#### [Activity]
This exercise calls for the line with "unfold broad. rewrite !corner_mod4.", the line with "(corner A (k + 1)))) \/", and all lines between them in the material below, output exactly and with no other lines.
# # # # # # #
Theorem lemma3p3 (R : realType) (N : nat) (s p : R) (pn : nat -> R)
    (Om : set 'rV[R]_N) (lam : R) :
  (3 <= N)%N -> 0 < s < 1 -> (N = 3%N -> 2^-1 < s) ->
  p_admissible N s p ->
  (forall n, p < pn n < crit R N) -> pn @ \oo --> crit R N ->
  open Om -> bounded_dom Om -> C1a_boundary Om ->
  0 < lam ->
  forall a1 a2 : R, 0 < a1 -> 0 < a2 ->
  exists a3 : R, 0 < a3 /\
    forall (n : nat) (u : 'rV[R]_N -> R) (g : 'I_N -> 'rV[R]_N -> R),
      X0 Om u g ->
      (Ifun s lam p (pn n) u g <= a1%:E)%E ->
      (Lq (pn n) u <= a2%:E)%E ->
      (rho s u g <= a3%:E)%E.
Proof.
move=> N3 /andP[s0 _] _ padm hpn _ oOm bOm _ lam0 a1 a2 a10 a20.
have p1 := p_admissible_gt1 N3 s0 padm; have p0 := lt_trans ltr01 p1.
have [mu [mu_ball intN_mu]] := intN_as_integral R N.
have mOm : measurable (Om : set (borel_rV R N)) by exact: open_measurable_rV.
have [V V0 OmV] : exists2 V, 0 <= V & mu Om = V%:E.
  exists (fine (mu Om)); first by apply: fine_ge0; exact: measure_ge0.
  by rewrite fineK // ge0_fin_numE ?measure_ge0 // bounded_dom_measure_lty.
pose K := (1 + a2) `^ crit R N; have K0 : 0 <= K := powR_ge0 _ _.
exists ((2 * (a1 + lam / p * (K + V) + p^-1 * K)) `^ 2^-1).
split=> [|n u g [[bu _ _ _ _] uOm _] uI uLq].
  have : 0 <= lam / p by rewrite divr_ge0 ?ltW.
  have : 0 <= p^-1 by rewrite invr_ge0 ltW.
  by move=> *; rewrite powR_gt0 //; nra.
have /andP[pq qcrit] := hpn n.
have uq := intN_powR_le_of_Lq_le (lt_trans p0 pq) (ltW qcrit) (ltW a20) uLq.
have up : (intN (fun x => (`|u x| `^ p)%:E) <= (K + V)%:E)%E.
  apply: le_trans (intN_powR_le_add intN_mu mOm bu uOm (ltW p1) (ltW pq)) _.
  by rewrite EFinD; apply: leeD uq _; rewrite -OmV.
exact: rho_le_of_Ifun_le (ltW lam0) p0 (ltW pq) up uq uI.
Qed.
Lemma cis_neq_0 t : cis t <> 0%C.
Proof. intros H. pose proof (Cmod_cis t) as H1. rewrite H, Cmod_0 in H1. lra. Qed.

Lemma RtoC_2_cos t : RtoC (2 * cos t) = (cis t + / cis t)%C.
Proof.
  rewrite <- cis_opp. unfold cis. rewrite cos_neg, sin_neg.
  apply injective_projections; simpl; ring.
Qed.

Lemma RtoC_4_sin_sq t : RtoC (4 * sin t ^ 2) = (- ((cis t - / cis t) * (cis t - / cis t)))%C.
Proof.
  rewrite <- cis_opp. unfold cis. rewrite cos_neg, sin_neg.
  apply injective_projections; simpl; ring.
Qed.

Lemma Cderive_cis x : Cderive cis x (Ci * cis x)%C.
Proof.
  apply Cderive_of_components; simpl; eapply is_derive_eq;
    [apply is_derive_cos | ring | apply is_derive_sin | ring].
Qed.

Lemma Cderive_cis_opp x : Cderive (fun t => cis (- t)) x (- (Ci * cis (- x)))%C.
Proof.
  eapply Cderive_eq.
  - apply (is_derive_comp cis Ropp); [apply Cderive_cis|].
    apply (is_derive_opp (K:=R_AbsRing) (fun t => t) x 1 (is_derive_id x)).
  - rewrite scal_R_Cmult. unfold opp; simpl. apply injective_projections; simpl; ring.
Qed.

Lemma Re_one_minus_cis_pos (q : C) t : Cmod q < 1 -> 0 < fst (1 - q * cis t)%C.
Proof.
  intros Hq. pose proof (fst_le_Cmod (q * cis t)) as H.
  rewrite Cmod_mult, Cmod_cis, Rmult_1_r in H.
  replace (fst (1 - q * cis t)%C) with (1 - fst (q * cis t)%C) by (simpl; ring).
  apply Rabs_le_between in H. lra.
Qed.

Lemma one_minus_cis_neq_0 (q : C) t : Cmod q < 1 -> (1 - q * cis t)%C <> 0%C.
Proof. intros Hq E. pose proof (Re_one_minus_cis_pos q t Hq) as H. rewrite E in H. simpl in H. lra. Qed.

(** The principal logarithm on the right half-plane [0 < Re w]. *)
Definition Clog_rhp (w : C) : C := (ln (fst w ^ 2 + snd w ^ 2) / 2, atan (snd w / fst w)).

Lemma Cderive_Clog_rhp (w : R -> C) x l : Cderive w x l -> 0 < fst (w x) ->
  Cderive (fun t => Clog_rhp (w t)) x (l / w x)%C.
Proof.
  intros H Hpos.
  pose proof (Cderive_fst _ _ _ H) as u1. pose proof (Cderive_snd _ _ _ H) as v1.
  assert (Hn : fst (w x) ^ 2 + snd (w x) ^ 2 > 0) by nra.
  assert (HF : is_derive (fun t => fst (w t) ^ 2 + snd (w t) ^ 2) x
                 (2 * fst (w x) * fst l + 2 * snd (w x) * snd l)).
  { eapply is_derive_eq.
    - apply (is_derive_plus (fun t => fst (w t) ^ 2) (fun t => snd (w t) ^ 2));
        apply is_derive_pow; eassumption.
    - unfold plus; simpl. ring. }
  apply Cderive_of_components; simpl; eapply is_derive_eq.
  - apply (is_derive_ext (fun t => / 2 * ln (fst (w t) ^ 2 + snd (w t) ^ 2))).
    { intros t; simpl. field. }
    apply is_derive_scal, (is_derive_comp ln); [apply is_derive_ln; exact Hn | exact HF].
  - unfold scal; simpl; unfold mult; simpl. field. lra.
  - apply (is_derive_comp atan (fun t => snd (w t) / fst (w t))); [apply is_derive_atan|].
    apply is_derive_div; [exact v1 | exact u1 | lra].
  - unfold scal; simpl; unfold mult; simpl. unfold Rsqr. field. split; nra.
Qed.

(** [sum_n q^|n| e^(i n t)] in closed form.  Its primitive may use [Clog_rhp] because
    [Re (1 - q e^(i t)) > 0] for [|q| < 1]. *)
Definition geometric_kernel (q : C) (t : R) : C :=
  (1 + q * cis t / (1 - q * cis t) + q * cis (- t) / (1 - q * cis (- t)))%C.

Definition geometric_kernel_primitive (q : C) (t : R) : C :=
  (RtoC t + Ci * Clog_rhp (1 - q * cis t) - Ci * Clog_rhp (1 - q * cis (- t)))%C.
Lemma fro2_backmxB_le : fro2 (backmx A1 b1 C1 d1 - backmx A2 b2 C2 d2) <= kW * T.
Proof.
set F1 := lossder A1 b1 C1 d1; set F2 := lossder A2 b2 C2 d2.
set M1 := outmx A1 b1 C1 d1; set M2 := outmx A2 b2 C2 d2.
have dM_le : fro2 (M1 - M2) <= kv * T := fro2_outmxB_le.
have dP_le : fro2 ((F1 + F1^T) - (F2 + F2^T)) <= 4 * (c * kE * T).
  rewrite opprD addrACA -linearB /=; apply: le_trans (fro2D_le _ _) _.
  by rewrite fro2_tr; have := fro2_lossderB_le; lra.
apply: le_trans (fro2_mulmxB_le _ _ _ _) _.
have e1 : fro2 ((F1 + F1^T) - (F2 + F2^T)) * fro2 M1 <= 4 * (c * kE * T) * (4 * D2 * L).
  by apply: ler_pM; rewrite ?fro2_ge0 // fro2_outmx_le.
have e2 : fro2 (F2 + F2^T) * fro2 (M1 - M2) <= 4 * N ^+ 2 * (kv * T).
  by apply: ler_pM; rewrite ?fro2_ge0 // fro2_lossder_sym_le.
have -> : kW * T = 2 * (4 * (c * kE * T) * (4 * D2 * L)) + 2 * (4 * N ^+ 2 * (kv * T)).
  by rewrite /kW /kE; ring.
lra.
Qed.

Lemma fro2_backvecB_le :
  fro2 (C1^T *m vecmx (backmx A1 b1 C1 d1) - C2^T *m vecmx (backmx A2 b2 C2 d2)) <= ky * T.
Proof.
have [_ _ dC_le _] := fro2B_le_T.
have [_ _ C2_le _] := pnorm_le_fro2 in_ball2.
apply: le_trans (fro2_mulmxB_le _ _ _ _) _.
rewrite -linearB -vecmxB /= !fro2_tr !fro2_vecmx.
have e1 : fro2 (C1 - C2) * fro2 (backmx A1 b1 C1 d1) <= T * (16 * N ^+ 2 * D2 * L).
  by apply: ler_pM; rewrite ?fro2_ge0 // fro2_backmx_le.
have e2 : fro2 C2 * fro2 (backmx A1 b1 C1 d1 - backmx A2 b2 C2 d2) <= D2 * (kW * T).
  by apply: ler_pM; rewrite ?fro2_ge0 // fro2_backmxB_le.
have -> : ky * T = 2 * (T * (16 * N ^+ 2 * D2 * L)) + 2 * (D2 * (kW * T)).
  by rewrite /ky; ring.
lra.
Qed.

Let fro2_gradb_exprB_le_kg :
  fro2 (gradb_expr A1 b1 C1 d1 - gradb_expr A2 b2 C2 d2) <= kg * T.
Proof.
have sigma'_le2 i : `|map_mx (derive1 sigma) (preact A2 b2) i 0| <= s1.
  by rewrite mxE; exact: sigma'_le.
rewrite /gradb_expr; apply: le_trans (fro2_hadamardB_le _ _ _ sigma'_le2) _.
have e1 : fro2 (map_mx (derive1 sigma) (preact A1 b1) - map_mx (derive1 sigma) (preact A2 b2)) *
    fro2 (C1^T *m vecmx (backmx A1 b1 C1 d1)) <= c * (2 * La * T) * (16 * N ^+ 2 * D2 ^+ 2 * L).
  apply: ler_pM; rewrite ?fro2_ge0 ?fro2_backvec_le //.
  exact: fro2_map_preactB_le sigma'_derivable sigma''_le s2_le_c.
have e2 : s1 ^+ 2 * fro2 (C1^T *m vecmx (backmx A1 b1 C1 d1) - C2^T *m vecmx (backmx A2 b2 C2 d2))
    <= c * (ky * T).
  by apply: ler_pM; rewrite ?sqr_ge0 ?fro2_ge0 ?fro2_backvecB_le.
have -> : kg * T = 2 * (c * (2 * La * T) * (16 * N ^+ 2 * D2 ^+ 2 * L)) + 2 * (c * (ky * T)).
  by rewrite /kg; ring.
lra.
Qed.
Lemma LMAP_narrow_alternatives m : narrow n v A m ->
  (exists k, (k < 4)%nat /\ anchored n v (A k) /\ narrow n v A k) \/
  (exists k, (k < 4)%nat /\ anchored n v (A k) /\ broad n v A k /\
     (anchored n v (corner A (k + 3)) \/ anchored n v (corner A (k + 1)))).
Proof.
  intros (u0 & u1 & U0 & U1 & Hch).
  destruct (LMAP_corner_unit m) as [uY UY]. destruct (LMAP_corner_unit (m + 2)) as [uZ UZ].
  assert (Hmod : forall j, (j mod 4 < 4)%nat) by (intros; apply Nat.mod_upper_bound; lia).
  destruct (narrow_corner_alternatives _ _ _ _ u0 uY u1 uZ (LMAP_corner_quadruple m) U0 UY U1 UZ
    (LMAP_no_common_edge (m + 3) m ltac:(lia)) (LMAP_no_common_edge m (m + 1) ltac:(lia))
    (LMAP_no_common_edge (m + 1) (m + 2) ltac:(lia)) (LMAP_no_common_edge (m + 2) (m + 3) ltac:(lia))
    (LMAP_no_common_edge m (m + 2) ltac:(lia)) Hch)
    as [HY | [[HZ HX] | [[HX0 HZY] | [HX1 HYZ]]]].
  - left. exists (m mod 4)%nat. split; [apply Hmod|]. split; [exact HY|].
    unfold narrow. rewrite !corner_mod4. exists u0, u1. auto.
  - right. exists ((m + 2) mod 4)%nat. split; [apply Hmod|]. split; [exact HZ|].
    unfold broad. rewrite !corner_mod4.
    rewrite (corner_shift A (m + 2 + 3) (m + 1)), (corner_shift A (m + 2 + 1) (m + 3)) by lia.
    split; [exists u1, u0; auto | tauto].
  - left. exists ((m + 3) mod 4)%nat. split; [apply Hmod|]. split; [exact HX0|].
    unfold narrow. rewrite !corner_mod4.
    rewrite (corner_shift A (m + 3 + 3) (m + 2)), (corner_shift A (m + 3 + 1) m) by lia.
    exists uZ, uY. auto.
  - left. exists ((m + 1) mod 4)%nat. split; [apply Hmod|]. split; [exact HX1|].
    unfold narrow. rewrite !corner_mod4.
    rewrite (corner_shift A (m + 1 + 3) m), (corner_shift A (m + 1 + 1) (m + 2)) by lia.
    exists uY, uZ. auto.
Qed.

End Corners.

End Polygon.

Theorem lemma13 (n : nat) (v : nat -> pt) (A : nat -> pt) :
  convex_polygon_cw n v ->
  no_parallel_edges n v ->
  LMAP n v A ->
  (exists k, (k < 4)%nat /\ anchored n v (A k) /\ narrow n v A k) \/
  (exists k, (k < 4)%nat /\ anchored n v (A k) /\ broad n v A k /\
     (anchored n v (corner A (k + 3)) \/ anchored n v (corner A (k + 1)))) \/
  (forall k, (k < 4)%nat -> even n v A k).
Proof.
  intros Hconv Hnp HA.
  destruct (classic (forall k, (k < 4)%nat -> even n v A k)) as [Hall|Hnot];
    [right; right; exact Hall|].
  assert (Hnarrow : exists m, narrow n v A m).
  { apply not_all_ex_not in Hnot. destruct Hnot as [k Hk].
    apply imply_to_and in Hk. destruct Hk as [_ Hne].
    destruct (not_even_narrow n v Hconv A HA k Hne) as [Hm|Hm]; eexists; exact Hm. }
  destruct Hnarrow as [m Hm].
  destruct (LMAP_narrow_alternatives n v Hconv Hnp A HA m Hm) as [H|H]; [left | right; left]; exact H.
Qed.
(* Let $\star\in\{T,L,R\}$ and suppose that a pair $(\mathfrak m,\mathfrak m^* )$ of complex-valued functions on the edges of the subgraph $S^\star$ is ICSH and has ICRBV (in $S^\star$). Then $$\int_{\gamma^\star_y}\big(\mathfrak m(z)\hat\psi(z)\,dz+\mathfrak m^*(z)\hat\psi^*(z)\,d\bar z\big)=\int_{\gamma^\star_0}\big(\mathfrak m(z)\hat\psi(z)\,dz+\mathfrak m^*(z)\hat\psi^*(z)\,d\bar z\big)$$ for every $y\in\mathbb Z_{\ge0}$ if $\star=T$, and for every $y\in\mathbb Z_{\le0}$ if $\star\in\{L,R\}$.
   Context: Fix integers $a<0<b$, $C=\{a,\dots,b\}$, $C^*=\{a+\frac12,\dots,b-\frac12\}$. $\tilde V$ has orthonormal basis $(e_\rho)_{\rho\in\{\pm1\}^C}$; for $x'\in C^*$, $\varsigma_{x'}(\rho)$ flips signs of $\rho_x$, $x<x'$; $\psi_{x'}e_\rho=\frac{-\rho_{x'-1/2}+i\rho_{x'+1/2}}{\sqrt2}e_{\varsigma_{x'}(\rho)}$, $\psi^*_{x'}e_\rho=\frac{-i\rho_{x'-1/2}+\rho_{x'+1/2}}{\sqrt2}e_{\varsigma_{x'}(\rho)}$; $\mathrm{CliffGen}$ is their span. With $\beta=\frac12\log(\sqrt2+1)$: $T_h^{1/2}$ diagonal with entries $\exp(\frac\beta2\sum_{x=a}^{b-1}\rho_x\rho_{x+1})$; $e_\tau^\dagger T_ve_\rho=\exp(\beta\sum_x\rho_x\tau_x)\delta_{\tau_a\rho_a}\delta_{\tau_b\rho_b}$; $e_\tau^\dagger T^{slit}_ve_\rho=\exp(\beta\sum_x\rho_x\tau_x)\delta_{\tau_a\rho_a}\delta_{\tau_0\rho_0}\delta_{\tau_b\rho_b}$; $T=T_h^{1/2}T_vT_h^{1/2}$, $T^{slit}=T_h^{1/2}T^{slit}_vT_h^{1/2}$. The lattice slit-strip is the multigraph with vertices $C\times\mathbb Z\subset\mathbb C$, nearest-neighbour edges (identified with midpoints), with each edge between $-iy$ and $-i(y+1)$ ($y\ge0$) doubled into a left-side ($0^-$) and right-side ($0^+$) copy; faces adjacent to the slit use the copy on their side. Its subgraphs are $S^T=\{a,\dots,b\}\times\mathbb Z_{\ge0}$, $S^L=\{a,\dots,0\}\times\mathbb Z_{\le0}$, $S^R=\{0,\dots,b\}\times\mathbb Z_{\le0}$ with the corresponding edges of the slit-strip. Left boundary edges: vertical edges on $x=a$ and right-side slit edges; right boundary edges: vertical edges on $x=b$ and left-side slit edges. The fermions $\hat\psi,\hat\psi^*$ are the unique functions from the edges of the slit-strip to $\mathrm{CliffGen}$ with $\hat\psi(x'+iy)=T^{-y}\psi_{x'}T^y$, $\hat\psi^*(x'+iy)=T^{-y}\psi^*_{x'}T^y$, $\hat\psi(x'-iy)=(T^{slit})^y\psi_{x'}(T^{slit})^{-y}$, $\hat\psi^*(x'-iy)=(T^{slit})^y\psi^*_{x'}(T^{slit})^{-y}$ ($y\ge0$) on horizontal edges and satisfying: for edges $z_1,z_2$ adjacent to a common vertex $v$ and face $p$, $\hat\psi(z_1)+\frac{i|v-p|}{v-p}\hat\psi^*(z_1)=\hat\psi(z_2)+\frac{i|v-p|}{v-p}\hat\psi^*(z_2)$; $\hat\psi(L)+i\hat\psi^*(L)=0$ and $\hat\psi(R)-i\hat\psi^*(R)=0$ on left/right boundary edges. Contours: $\gamma^T_y=(a+iy,\dots,b+iy)$ ($y\ge0$), $\gamma^L_y=(a+iy,\dots,0+iy)$, $\gamma^R_y=(0+iy,\dots,b+iy)$ ($y\le0$); integrals: $\int(\mathfrak m\hat\psi\,dz+\mathfrak m^*\hat\psi^*\,d\bar z)=\sum_j(\mathfrak m(z_j)\hat\psi(z_j)(w_j-w_{j-1})+\mathfrak m^*(z_j)\hat\psi^*(z_j)\overline{(w_j-w_{j-1})})$ over consecutive vertices $w_{j-1},w_j$ with joining edge $z_j$. ICSH in $S^\star$: for edges $z_1,z_2$ of $S^\star$ adjacent to a common vertex $v$ and face $p$ of $S^\star$, $\mathfrak m(z_1)-\frac{i|v-p|}{v-p}\mathfrak m^*(z_1)=\mathfrak m(z_2)-\frac{i|v-p|}{v-p}\mathfrak m^*(z_2)$. ICRBV in $S^\star$: $\mathfrak m(L)-i\mathfrak m^*(L)=0$ and $\mathfrak m(R)+i\mathfrak m^*(R)=0$ for all left/right boundary edges $L,R$ of $S^\star$ (for $S^L$ the right boundary is the left side of the slit, for $S^R$ the left boundary is the right side of the slit). *)

From HB Require Import structures.
From mathcomp Require Import all_boot all_order all_algebra.
From mathcomp Require Import all_classical all_reals all_analysis.
From mathcomp.real_closed Require Import complex.
Set Implicit Arguments. Unset Strict Implicit. Unset Printing Implicit Defensive.
Import Order.TTheory GRing.Theory Num.Theory.
Local Open Scope ring_scope.
Local Open Scope complex_scope.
# # # # # # #
#### [Solution for this problem]
    unfold broad. rewrite !corner_mod4.
    rewrite (corner_shift A (m + 2 + 3) (m + 1)), (corner_shift A (m + 2 + 1) (m + 3)) by lia.
    split; [exists u1, u0; auto | tauto].
  - left. exists ((m + 3) mod 4)%nat. split; [apply Hmod|]. split; [exact HX0|].
    unfold narrow. rewrite !corner_mod4.
    rewrite (corner_shift A (m + 3 + 3) (m + 2)), (corner_shift A (m + 3 + 1) m) by lia.
    exists uZ, uY. auto.
  - left. exists ((m + 1) mod 4)%nat. split; [apply Hmod|]. split; [exact HX1|].
    unfold narrow. rewrite !corner_mod4.
    rewrite (corner_shift A (m + 1 + 3) m), (corner_shift A (m + 1 + 1) (m + 2)) by lia.
    exists uY, uZ. auto.
Qed.

End Corners.

End Polygon.

Theorem lemma13 (n : nat) (v : nat -> pt) (A : nat -> pt) :
  convex_polygon_cw n v ->
  no_parallel_edges n v ->
  LMAP n v A ->
  (exists k, (k < 4)%nat /\ anchored n v (A k) /\ narrow n v A k) \/
  (exists k, (k < 4)%nat /\ anchored n v (A k) /\ broad n v A k /\
     (anchored n v (corner A (k + 3)) \/ anchored n v (corner A (k + 1)))) \/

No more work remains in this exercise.